● About this task
What lines in the following entries hold the word "scalemxAl"? Copy each one.

● Excerpted records
☆ ☆ ☆ ☆ ☆ ☆ ☆

(* Let $0<V\le1$ and let $$P^{col}_{BB84}(ab|xy)=\frac{1+(-1)^{a\oplus b\oplus x\cdot y}\big[\delta_{x,y}V+\tfrac{1-V}{2}\big]+(-1)^{a\oplus b\oplus x\oplus y}\tfrac{1-V}{2}}{4},\qquad a,b,x,y\in\{0,1\}.$$ In the steering scenario described in the context, the steering cost of $P^{col}_{BB84}$ is $C_{steer}(P^{col}_{BB84})=V$.
   Context: Steering scenario: Alice performs two black-box dichotomic measurements $x\in\{0,1\}$ (outcomes $a\in\{0,1\}$) on her part of an unknown $d\times2$ quantum state $\rho_{AB}$; Bob performs projective qubit measurements in two mutually unbiased bases $\{|f_1\rangle,|f_2\rangle\}$, $\{|g_1\rangle,|g_2\rangle\}$ of $\mathbb{C}^2$ ($|\langle f_i|g_j\rangle|^2=1/2$), with $\Pi_{b|0}=|f_{b+1}\rangle\langle f_{b+1}|$, $\Pi_{b|1}=|g_{b+1}\rangle\langle g_{b+1}|$. Let $\mathcal{N}$ be the set of boxes $p(ab|xy)=\operatorname{Tr}[\Pi_{b|y}\sigma_{a|x}]$ with $\sigma_{a|x}=\operatorname{Tr}_A[(M_{a|x}\otimes\mathbb{1})\rho_{AB}]$ for some such state and POVMs $\{M_{a|x}\}$. A box is unsteerable if $p(ab|xy)=\sum_\lambda p(\lambda)p(a|x,\lambda)\operatorname{Tr}(\Pi_{b|y}\rho_\lambda)$ for some probability distribution $p(\lambda)$, conditional distributions $p(a|x,\lambda)$ and qubit density operators $\rho_\lambda$; otherwise steerable. The steering cost $C_{steer}(P)$ of $P\in\mathcal{N}$ is the minimum of $p_S\in[0,1]$ over all decompositions $P=p_SP_S+(1-p_S)P_{US}$ with $P_S\in\mathcal{N}$ steerable and $P_{US}$ unsteerable. $\oplus$ is addition modulo 2. *)

From HB Require Import structures.
From mathcomp Require Import all_boot all_order all_algebra.
From mathcomp Require Import reals.
From mathcomp Require Import complex mxtens.

Set Implicit Arguments.
Unset Strict Implicit.
Unset Printing Implicit Defensive.

Import Order.TTheory GRing.Theory Num.Theory.
Local Open Scope ring_scope.
Local Open Scope complex_scope.

Section Steering.
Variable R : realType.
Local Notation C := R[i].

Definition adjmx m n (A : 'M[C]_(m, n)) : 'M[C]_(n, m) := (map_mx Num.conj A)^T.

(* positive semidefinite: <v|A|v> >= 0 for all v (this also forces A Hermitian) *)
Definition psd n (A : 'M[C]_n) : Prop :=
  forall v : 'cV[C]_n, 0 <= (adjmx v *m A *m v) 0 0.

Definition density n (rho : 'M[C]_n) : Prop := psd rho /\ \tr rho = 1.

Definition povm2 d (M : bool -> bool -> 'M[C]_d) : Prop :=
  forall x, psd (M false x) /\ psd (M true x) /\ M false x + M true x = 1%:M.

Definition idx2 (b : bool) : 'I_2 := if b then ord_max else ord0.

Definition unitary2 (F : 'M[C]_2) : Prop := adjmx F *m F = 1%:M.

Definition MUB (F G : 'M[C]_2) : Prop :=
  unitary2 F /\ unitary2 G /\
  forall i j : 'I_2, `|(adjmx (col i F) *m col j G) 0 0| ^+ 2 = (1 / 2)%:C.

(* Bob's projectors: Pi_{b|0} = |f_{b+1}><f_{b+1}|, Pi_{b|1} = |g_{b+1}><g_{b+1}| *)
Definition bobPi (F G : 'M[C]_2) (b y : bool) : 'M[C]_2 :=
  let v := col (idx2 b) (if y then G else F) in v *m adjmx v.

(* boxes p(ab|xy), arguments in the order a b x y *)
Definition box := bool -> bool -> bool -> bool -> R.

(* partial trace over Alice (first tensor factor, dimension d) *)
Definition ptraceA d (X : 'M[C]_(d * 2)) : 'M[C]_2 :=
  \matrix_(i, j) \sum_(k < d) X (mxtens_index (k, i)) (mxtens_index (k, j)).

Definition in_N (F G : 'M[C]_2) (P : box) : Prop :=
  exists (d : nat) (rho : 'M[C]_(d * 2)) (M : bool -> bool -> 'M[C]_d),
    density rho /\ povm2 M /\
    forall a b x y,
      (P a b x y)%:C =
      \tr (bobPi F G b y *m ptraceA (tensmx (M a x) (1%:M : 'M[C]_2) *m rho)).

(* unsteerable (LHS) boxes; hidden variable lambda ranging over a finite set *)
Definition unsteerable (F G : 'M[C]_2) (P : box) : Prop :=
  exists (n : nat) (pl : 'I_n -> R) (q : 'I_n -> bool -> bool -> R)
         (rl : 'I_n -> 'M[C]_2),
    (forall l, 0 <= pl l) /\ \sum_(l < n) pl l = 1 /\
    (forall l x a, 0 <= q l x a) /\ (forall l x, q l x false + q l x true = 1) /\
    (forall l, density (rl l)) /\
    forall a b x y,
      (P a b x y)%:C =
      \sum_(l < n) (pl l * q l x a)%:C * \tr (bobPi F G b y *m rl l).

Definition steerable F G P : Prop := ~ unsteerable F G P.

Definition steer_decomp F G (P : box) (pS : R) : Prop :=
  0 <= pS <= 1 /\
  exists PS PUS : box,
    in_N F G PS /\ steerable F G PS /\ unsteerable F G PUS /\
    forall a b x y, P a b x y = pS * PS a b x y + (1 - pS) * PUS a b x y.

Definition steering_cost_eq F G (P : box) (c : R) : Prop :=
  steer_decomp F G P c /\ forall pS, steer_decomp F G P pS -> c <= pS.

Definition sgnb (b : bool) : R := if b then -1 else 1.

Definition P_col_BB84 (V : R) : box := fun a b x y =>
  (1 + sgnb (a (+) b (+) (x && y)) * ((if x == y then V else 0) + (1 - V) / 2)
     + sgnb (a (+) b (+) x (+) y) * ((1 - V) / 2)) / 4.

End Steering.

From HB Require Import structures.
From mathcomp Require Import all_boot all_order all_algebra.
From mathcomp Require Import reals.
From mathcomp Require Import complex mxtens spectral sesquilinear.
From mathcomp Require Import ring lra.
Import Order.TTheory GRing.Theory Num.Theory.
Local Open Scope ring_scope.
Local Open Scope sesquilinear_scope.

Set Implicit Arguments.
Unset Strict Implicit.
Unset Printing Implicit Defensive.

(* The box is [V * bb84_box + (1 - V) * noise_box], where [bb84_box] comes from
   a maximally entangled state on which Alice measures the conjugates of Bob's
   bases, and [noise_box] is a local-hidden-state model sending Bob a uniformly
   random vector of the basis [F]; hence the cost is at most [V].
   Conversely, boxes of [N] are nonnegative, so whenever [pS < 1] the
   unsteerable part of a decomposition inherits the perfect correlations of the
   box in the setting [x = y = 0]. In a local-hidden-state model these force
   every hidden state to be a vector of the basis [F], hence unbiased in the
   basis [G], so its probability of equal outcomes in the setting [x = y = 1] is
   exactly [1/2]. That of the box, [(1 - V)/2], is therefore at least
   [(1 - pS)/2], whence [pS >= V]. *)

Lemma sum_mxtens_index (V : nmodType) m n (h : 'I_(m * n) -> V) :
  \sum_p h p = \sum_(k < m) \sum_(i < n) h (mxtens_index (k, i)).
Proof.
rewrite pair_big (reindex (@mxtens_index m n)) /=; first by apply: eq_bigr => -[].
by exists (@mxtens_unindex m n) => p _; [apply: mxtens_indexK | apply: mxtens_unindexK].
Qed.

Lemma sum_delta (S : pzSemiRingType) (I : finType) (f : I -> S) k :
  \sum_l (k == l)%:R * f l = f k.
Proof.
rewrite (bigD1 k) //= big1 => [|l /negbTE kl]; first by rewrite eqxx mul1r addr0.
by rewrite eq_sym kl mul0r.
Qed.

Lemma sum_idx2 (V : nmodType) (h : 'I_2 -> V) b :
  \sum_k h k = h (idx2 b) + h (idx2 (~~ b)).
Proof.
rewrite big_ord_recl big_ord1.
by case: b; rewrite /= ?[h ord_max + _]addrC; congr (h _ + h _); apply: val_inj.
Qed.

Lemma idx2_onto (i : 'I_2) : exists b, i = idx2 b.
Proof. by case: i => -[|[|//]] ?; [exists false | exists true]; apply: val_inj. Qed.

Section Forms.
Variable R : realType.
Local Notation C := R[i].

Definition dotc n (u w : 'cV[C]_n) : C := (adjmx u *m w) 0 0.
Definition form n (A : 'M[C]_n) (u w : 'cV[C]_n) : C := (adjmx u *m A *m w) 0 0.

Lemma adjmxE m n (A : 'M[C]_(m, n)) i j : adjmx A i j = (A j i)^*.
Proof. by rewrite !mxE. Qed.

Lemma adjmxK m n (A : 'M[C]_(m, n)) : adjmx (adjmx A) = A.
Proof. by apply/matrixP => i j; rewrite !adjmxE conjCK. Qed.

Lemma adjmxM m n p (A : 'M[C]_(m, n)) (B : 'M[C]_(n, p)) :
  adjmx (A *m B) = adjmx B *m adjmx A.
Proof.
apply/matrixP => i j; rewrite !mxE rmorph_sum; apply: eq_bigr => k _.
by rewrite !mxE rmorphM mulrC.
Qed.

Lemma adjmx_trC n (A : 'M[C]_n) : adjmx A = A^t*.
Proof. by apply/matrixP => i j; rewrite !mxE. Qed.

Lemma dotcC n (u w : 'cV[C]_n) : dotc w u = (dotc u w)^*.
Proof. by rewrite /dotc -adjmxE adjmxM adjmxK. Qed.

Lemma form_adj n (A : 'M[C]_n) u w : form (adjmx A) u w = (form A w u)^*.
Proof. by rewrite /form -adjmxE !adjmxM adjmxK mulmxA. Qed.

Lemma formDl n (A : 'M[C]_n) a b u w z :
  form A (a *: u + b *: w) z = a^* * form A u z + b^* * form A w z.
Proof.
rewrite /form; have -> : adjmx (a *: u + b *: w) = a^* *: adjmx u + b^* *: adjmx w.
  by apply/matrixP => i j; rewrite !mxE rmorphD !rmorphM.
by rewrite !mulmxDl -!scalemxAl !mxE.
Qed.

Lemma formDr n (A : 'M[C]_n) a b u w z :
  form A z (a *: u + b *: w) = a * form A z u + b * form A z w.
Proof. by rewrite /form !mulmxDr -!scalemxAr !mxE. Qed.

Lemma form_delta n (A : 'M[C]_n) i j : form A (delta_mx i 0) (delta_mx j 0) = A i j.
Proof.
rewrite /form; have -> : adjmx (delta_mx i 0 : 'cV[C]_n) = delta_mx 0 i.
  by apply/matrixP => k l; rewrite !mxE rmorph_nat andbC.
by rewrite -rowE -colE !mxE.
Qed.

(* Polarisation with [u = e_i + e_j] and [u = e_i + 'i e_j]. *)
Lemma form_diag_eq0 n (A : 'M[C]_n) : (forall u, form A u u = 0) -> A = 0.
Proof.
move=> A0; apply/matrixP => i j; rewrite mxE.
set ei : 'cV[C]_n := delta_mx i 0; set ej : 'cV[C]_n := delta_mx j 0.
have := A0 (1 *: ei + 1 *: ej); have := A0 (1 *: ei + 'i *: ej).
rewrite !formDl !formDr !A0 !form_delta rmorph1 conjCi.
rewrite !mul1r !mulr0 !add0r !addr0 => E1 /eqP; rewrite addr_eq0 => /eqP yx.
move: E1; rewrite yx mulrN -mulNr -mulr2n => /eqP.
by rewrite mulrn_eq0 /= mulf_eq0 oppr_eq0 (negbTE (neq0Ci _)) => /eqP ->; rewrite oppr0.
Qed.

Lemma formBl n (A B : 'M[C]_n) u w : form (A - B) u w = form A u w - form B u w.
Proof. by rewrite /form mulmxBr mulmxBl !mxE. Qed.

Lemma psd_adj n (A : 'M[C]_n) : psd A -> adjmx A = A.
Proof.
move=> psdA; apply/eqP; rewrite -subr_eq0; apply/eqP; apply: form_diag_eq0 => u.
by rewrite formBl form_adj geC0_conj ?subrr //; apply: psdA.
Qed.

Lemma form_psdC n (A : 'M[C]_n) u w : psd A -> form A w u = (form A u w)^*.
Proof. by move=> psdA; rewrite -form_adj psd_adj. Qed.

(* If [s := form A u w] were nonzero, the form at [w - k s u] would be
   [Q - 2 k |s|^2 < 0] for [k] large. *)
Lemma form_psd_null n (A : 'M[C]_n) u w : psd A -> form A u u = 0 -> form A u w = 0.
Proof.
move=> psdA Auu; set s := form A u w; set Q := form A w w.
have [//|s_neq0] := eqVneq s 0.
have Q_real : Q^* = Q by apply: geC0_conj; apply: psdA.
pose z := s * s^*.
have z_neq0 : z != 0 by rewrite mulf_neq0 ?conjC_eq0.
have z_real : z^* = z by apply: geC0_conj; apply: mul_conjC_ge0.
pose k := (Q + 1) / (2 * z).
have k_real : k^* = k.
  by rewrite /k rmorphM /= fmorphV /= rmorphM /= rmorphD /= Q_real z_real rmorph1 rmorph_nat.
have := psdA (1 *: w + (- (k * s)) *: u).
rewrite -/(form _ _ _) formDl !formDr Auu -/s -/Q (form_psdC _ _ psdA) -/s.
rewrite rmorph1 !mul1r rmorphN rmorphM /= k_real mulr0 addr0.
have -> : Q + - (k * s) * s^* + - (k * s^*) * s = Q - k * z * 2 by rewrite /z; ring.
have -> : k * z * 2 = Q + 1 by rewrite /k; field; rewrite z_neq0.
by rewrite opprD addrA subrr sub0r oppr_ge0 ler10.
Qed.

Lemma psd_conj_mx m n (E : 'M[C]_(m, n)) (A : 'M[C]_m) : psd A -> psd (adjmx E *m A *m E).
Proof. by move=> psdA u; rewrite !mulmxA -adjmxM -!mulmxA mulmxA; apply: psdA. Qed.

Lemma form_proj n (v u : 'cV[C]_n) : form (v *m adjmx v) u u = `|dotc v u| ^+ 2.
Proof.
rewrite /form !mulmxA -[_ *m adjmx v *m u]mulmxA mxE big_ord1.
by rewrite -/(dotc u v) -/(dotc v u) [dotc u v]dotcC normCK mulrC.
Qed.

Lemma psd_proj n (v : 'cV[C]_n) : psd (v *m adjmx v).
Proof. by move=> u; rewrite -/(form _ _ _) form_proj exprn_ge0. Qed.

Lemma psd_scale n (c : C) (A : 'M[C]_n) : 0 <= c -> psd A -> psd (c *: A).
Proof. by move=> c_ge0 psdA u; rewrite -scalemxAr -scalemxAl mxE mulr_ge0. Qed.

Lemma mxtrace_proj_mul n (v : 'cV[C]_n) (X : 'M[C]_n) : \tr (v *m adjmx v *m X) = form X v v.
Proof. by rewrite -mulmxA mxtrace_mulC trace_mx11. Qed.

Lemma mxtrace_proj n (v : 'cV[C]_n) : \tr (v *m adjmx v) = dotc v v.
Proof. by rewrite mxtrace_mulC trace_mx11. Qed.

Lemma mxtrace_proj_proj n (v w : 'cV[C]_n) :
  \tr (v *m adjmx v *m (w *m adjmx w)) = `|dotc w v| ^+ 2.
Proof. by rewrite mxtrace_proj_mul form_proj. Qed.

(* Writing [A = P^* diag(d) P] with [P] unitary,
   [\tr (A B) = \sum_i d_i <p_i|B|p_i>] with [d_i = <p_i|A|p_i> >= 0]. *)
Lemma mxtrace_psd_mul n (A B : 'M[C]_n) : psd A -> psd B -> 0 <= \tr (A *m B).
Proof.
move=> psdA psdB.
have /orthomx_spectralP defA : A \is normalmx.
  by apply/normalmxP; rewrite -adjmx_trC psd_adj.
set P := spectralmx A in defA; set d := spectral_diag A in defA.
have PPt : P *m P^t* = 1%:M by apply/unitarymxP; apply: spectral_unitarymx.
rewrite invmx_unitary ?spectral_unitarymx // in defA.
have diag_form X i : (P *m X *m P^t* ) i i = form X (adjmx (row i P)) (adjmx (row i P)).
  rewrite /form adjmxK !mxE; apply: eq_bigr => k _; rewrite !mxE.
  by congr (_ * _); apply: eq_bigr => l _; rewrite !mxE.
have dE i : d 0 i = (P *m A *m P^t* ) i i.
  by rewrite defA !mulmxA PPt mul1mx -!mulmxA PPt mulmx1 mxE eqxx mulr1n.
have -> : \tr (A *m B) = \tr (diag_mx d *m (P *m B *m P^t* )).
  by rewrite defA -!mulmxA mxtrace_mulC -!mulmxA.
rewrite mul_diag_mx /mxtrace; apply: sumr_ge0 => i _.
by rewrite mxE dE !diag_form; apply: mulr_ge0; [apply: psdA | apply: psdB].
Qed.

End Forms.

Section UnitaryColumns.
Variable R : realType.
Local Notation C := R[i].
Variables (n : nat) (F : 'M[C]_n).
Hypothesis FF : adjmx F *m F = 1%:M.

Lemma unitary_proj_sum : \sum_k col k F *m adjmx (col k F) = 1%:M.
Proof.
rewrite -(mulmx1C FF); apply/matrixP => i j; rewrite summxE !mxE.
by apply: eq_bigr => k _; rewrite !mxE big_ord1 !mxE.
Qed.

Lemma unitary_dotc i j : dotc (col i F) (col j F) = (i == j)%:R.
Proof.
move/(congr1 (fun A : 'M[C]_n => A i j)): FF; rewrite [in RHS]mxE => <-.
by rewrite /dotc !mxE; apply: eq_bigr => k _; rewrite !mxE.
Qed.

Lemma unitary_expand (g : 'cV[C]_n) : g = \sum_k dotc (col k F) g *: col k F.
Proof.
rewrite -{1}[g]mul1mx -unitary_proj_sum mulmx_suml.
by apply: eq_bigr => k _; rewrite -mulmxA [adjmx _ *m g]mx11_scalar mul_mx_scalar.
Qed.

☆ ☆ ☆ ☆ ☆ ☆ ☆

● Response to this exercise
by rewrite !mulmxDl -!scalemxAl !mxE.
Proof. by move=> c_ge0 psdA u; rewrite -scalemxAr -scalemxAl mxE mulr_ge0. Qed.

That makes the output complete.